1994 Conn. Super. Ct. 806
CourtConnecticut Superior Court
DecidedJanuary 27, 1994
DocketNo. CV 93-0306397
StatusUnpublished

This text of 1994 Conn. Super. Ct. 806 (Lomazzo v. Zoning Bd. of Appeals, No. Cv 93-0306397 (Jan. 27, 1994)) is published on Counsel Stack Legal Research, covering Connecticut Superior Court primary law. Counsel Stack provides free access to over 12 million legal documents including statutes, case law, regulations, and constitutions.

Bluebook
Lomazzo v. Zoning Bd. of Appeals, No. Cv 93-0306397 (Jan. 27, 1994), 1994 Conn. Super. Ct. 806 (Colo. Ct. App. 1994).

Opinion

[EDITOR'S NOTE: This case is unpublished as indicated by the issuing court.] MEMORANDUM OF DECISION The narrow issue presented in this appeal is whether the defendant zoning board of appeals (board) had jurisdiction to entertain an appeal from a cease and desist order, issued by the code enforcement officer, which alleged a failure to timely clean up and to remove equipment used in a gravel removal operation "as required by . . . the Zoning Regulations of the Town of Weston." The court holds that the board had jurisdiction to entertain the appeal and that it erred it concluding that it did not. Accordingly the appeal is sustained. Since the parties agree, and the record reflects, that no violation of the zoning CT Page 807 regulations had occurred, the board is directed to sustain the appeal.

I.
In 1980, John Lomazzo Sons Corporation (the corporation) entered into a stipulation with the planning and zoning commission of the town of Weston in settlement of a zoning appeal. In that appeal, the corporation sought to set aside a zoning ordinance regulating earth removal operations. In paragraph 22e of the stipulation, the corporation agreed that, with respect to a then-existing gravel removal operation on Broad Street and Weston Road, "[a]ll gravel removal operations shall cease and all related facilities and equipment shall be removed no later than five years from the date of the entry of the Stipulation for Judgment."

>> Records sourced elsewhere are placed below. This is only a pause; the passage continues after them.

(* A labeled graph with V vertices and E edges: s : 'I_E -> 'I_V * 'I_V,
   where s e = (a, b) denotes the unordered edge {a, b} (a <> b). *)
Definition edge_tail (V : nat) (p : 'I_V * 'I_V) : 'I_V :=
  if (p.1 < p.2)%N then p.1 else p.2.
Definition edge_head (V : nat) (p : 'I_V * 'I_V) : 'I_V :=
  if (p.1 < p.2)%N then p.2 else p.1.

Definition c_graph (V E : nat) (s : 'I_E -> 'I_V * 'I_V) : int :=
  \sum_(sigma : 'S_V) \prod_(e : 'I_E)
     Num.sg ((sigma (edge_head (s e)))%:Z - (sigma (edge_tail (s e)))%:Z).

Definition path_edges (k : nat) : 'I_(2 * k) -> 'I_((2 * k).+1) * 'I_((2 * k).+1) :=
  fun e => (inord (nat_of_ord e), inord (nat_of_ord e).+1).

Definition abs_c_path (k : nat) : nat := absz (c_graph (@path_edges k)).

(* Let [seidel n j] be the number of permutations of {0..n} ending with j,
   each counted with sign (-1)^(number of descents).  Conditioning on the
   previous value gives the recursion of a signed Seidel-Entringer
   (boustrophedon) triangle, whose n-th row sums to c of the path with n+1
   vertices; call these row sums a_(n+1), with a_0 = 0.  The j-differences of
   row n are twice row n-1, so Newton's forward-difference formula expresses
   the diagonal a_m = seidel m m through the first column, which is
   [m = 0] - a_m.  This is the coefficient form of g (1 + e^(2x)) = e^(2x) - 1
   for the exponential generating function g of (a_m), i.e. g = tanh;
   multiplying by e^(-x) gives g cosh = sinh.  Turning tanh into tan by the
   signs (-1)^k on the odd coefficients gives T cos = sin for
   T = sum_k (-1)^k a_(2k+1) x^(2k+1) / (2k+1)!, and |a_m| <= m! makes the
   Cauchy product valid for |x| < 1, where cos x <> 0, so T = tan there.
   Finally the rows of the triangle alternate in sign and are monotone, so
   (-1)^k a_(2k+1) = |c_(Delta_k)|. *)

From mathcomp Require Import all_boot all_order all_algebra all_fingroup.
From mathcomp Require Import zify ring Rstruct.
Set Implicit Arguments. Unset Strict Implicit. Unset Printing Implicit Defensive.
Import Order.TTheory GRing.Theory Num.Theory.

Section LiftPerm.
Local Open Scope ring_scope.
Variables (n : nat) (i0 j0 : 'I_n.+1).

Definition unlift_perm_fun (s : 'S_n.+1) (k : 'I_n) : 'I_n :=
  odflt k (unlift (s i0) (s (lift i0 k))).

Lemma lift_unlift_perm_fun (s : 'S_n.+1) k :
  lift (s i0) (unlift_perm_fun s k) = s (lift i0 k).
Proof.
have : s i0 != s (lift i0 k) by rewrite (inj_eq perm_inj) neq_lift.
by case/unlift_some => k' Ek Eu; rewrite /unlift_perm_fun Eu Ek.
Qed.

Lemma unlift_perm_fun_inj (s : 'S_n.+1) : injective (unlift_perm_fun s).
Proof.
move=> k1 k2 /(congr1 (lift (s i0))); rewrite !lift_unlift_perm_fun.
by move/perm_inj/lift_inj.
Qed.

Definition unlift_perm (s : 'S_n.+1) : 'S_n := perm (@unlift_perm_fun_inj s).

Lemma unlift_permK t : unlift_perm (lift_perm i0 j0 t) = t.
Proof.
apply/permP => k; apply: (@lift_inj _ j0).
by rewrite permE -{1}(lift_perm_id i0 j0 t) lift_unlift_perm_fun lift_perm_lift.
Qed.

Lemma unlift_permKV (s : 'S_n.+1) : s i0 = j0 -> lift_perm i0 j0 (unlift_perm s) = s.
Proof.
move=> sij; apply/permP => k.
case: (unliftP i0 k) => [k'|] ->; rewrite ?lift_perm_id //.
by rewrite lift_perm_lift permE -sij lift_unlift_perm_fun.
Qed.

Lemma sum_lift_perm (R : nmodType) (F : 'S_n.+1 -> R) :
  \sum_(s : 'S_n.+1 | s i0 == j0) F s = \sum_(t : 'S_n) F (lift_perm i0 j0 t).
Proof.
rewrite (reindex (lift_perm i0 j0)) /=; last first.
  by exists unlift_perm => [t _ | s /eqP/unlift_permKV //]; rewrite unlift_permK.
by apply: eq_bigl => t; rewrite lift_perm_id eqxx.
Qed.

End LiftPerm.

Section NatSums.
Local Open Scope ring_scope.

Lemma sum_nat_split_rev (V : nmodType) (F : nat -> V) n j : (j <= n.+1)%N ->
  \sum_(0 <= v < n.+1) F v =
  \sum_(0 <= v < (n.+1 - j)%N) F v + \sum_(0 <= u < j) F (n - u)%N.
Proof.
move=> le_j; rewrite (@big_cat_nat _ _ _ (n.+1 - j)%N) ?leq_subr //=; congr (_ + _).
rewrite -{1}(add0n (n.+1 - j)%N) big_addn subKn // big_nat_rev /=.
by apply: eq_big_nat => u /andP [_ lt_uj]; congr F; lia.
Qed.

Lemma sum_nat_rev_scale (R : pzSemiRingType) (F : nat -> R) (c : R) n :
  (forall v, (v <= n)%N -> F (n - v)%N = c * F v) ->
  \sum_(0 <= v < n.+1) F v = c * \sum_(0 <= v < n.+1) F v.
Proof.
move=> F_rev; rewrite {1}big_nat_rev big_distrr /=.
by apply: eq_big_nat => v /andP [_ lt_vn]; rewrite add0n subSS F_rev // -ltnS.
Qed.

End NatSums.

Lemma hockey_stick i j : (\sum_(0 <= v < j) 'C(v, i) = 'C(j, i.+1))%N.
Proof.
elim: j => [|j IH]; first by rewrite big_geq.
by rewrite big_nat_recr //= IH binS.
Qed.

Lemma mul_bin_sub n k i : (i <= k)%N -> (k <= n)%N ->
  ('C(n, k) * 'C(k, i) = 'C(n, i) * 'C(n - i, k - i))%N.
Proof.
move=> le_ik le_kn; set P := (i`! * (k - i)`! * (n - k)`!)%N.
have P_gt0 : (0 < P)%N by rewrite !muln_gt0 !fact_gt0.
have lhsP : ('C(n, k) * 'C(k, i) * P = n`!)%N.
  by rewrite /P -(bin_fact le_kn) -(bin_fact le_ik); ring.
have rhsP : ('C(n, i) * 'C(n - i, k - i) * P = n`!)%N.
  have le_ki_ni : (k - i <= n - i)%N by lia.
  have n_k : (n - i - (k - i) = n - k)%N by lia.
  by rewrite /P -(bin_fact (leq_trans le_ik le_kn)) -(bin_fact le_ki_ni) n_k; ring.
by apply/eqP; rewrite -(eqn_pmul2r P_gt0) lhsP rhsP.
Qed.

Section BinomialConvolution.
Local Open Scope ring_scope.
Variable R : comNzRingType.
Implicit Types (f g h : nat -> R) (n : nat).

(* The coefficients of the product of the exponential generating functions
   of [f] and [g]. *)
Definition binconv f g n : R :=
  \sum_(0 <= k < n.+1) 'C(n, k)%:R * f k * g (n - k)%N.

Lemma eq_binconv f1 f2 g1 g2 :
  f1 =1 f2 -> g1 =1 g2 -> binconv f1 g1 =1 binconv f2 g2.
Proof. by move=> eq_f eq_g n; apply: eq_bigr => k _; rewrite eq_f eq_g. Qed.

By letter dated March 17, 1993, addressed to John Lomazzo, the code enforcement officer stated that "John Lomazzo Sons are being charged with failure to complete, as stipulated in conditions of approval, the cleaning up and removal of all equipment used in the mining of a gravel operation located on what is made known as Crystal Lake within the time period of five years as required by State Statute and the Zoning Regulations of the Town of Weston." (Emphasis added.) In that letter, under the subheading "Action", the code enforcement officer declared that "[n]o future development permits will be issued for work associated with the unimproved lots owned by Lomazzo Sons located on the lake until all stipulated conditions of approval have been met and approved by Weston Code Enforcement Officer and the Town Engineer. Further, any conditions imposed by Weston Conservation Commission must also be met prior to the release of this order."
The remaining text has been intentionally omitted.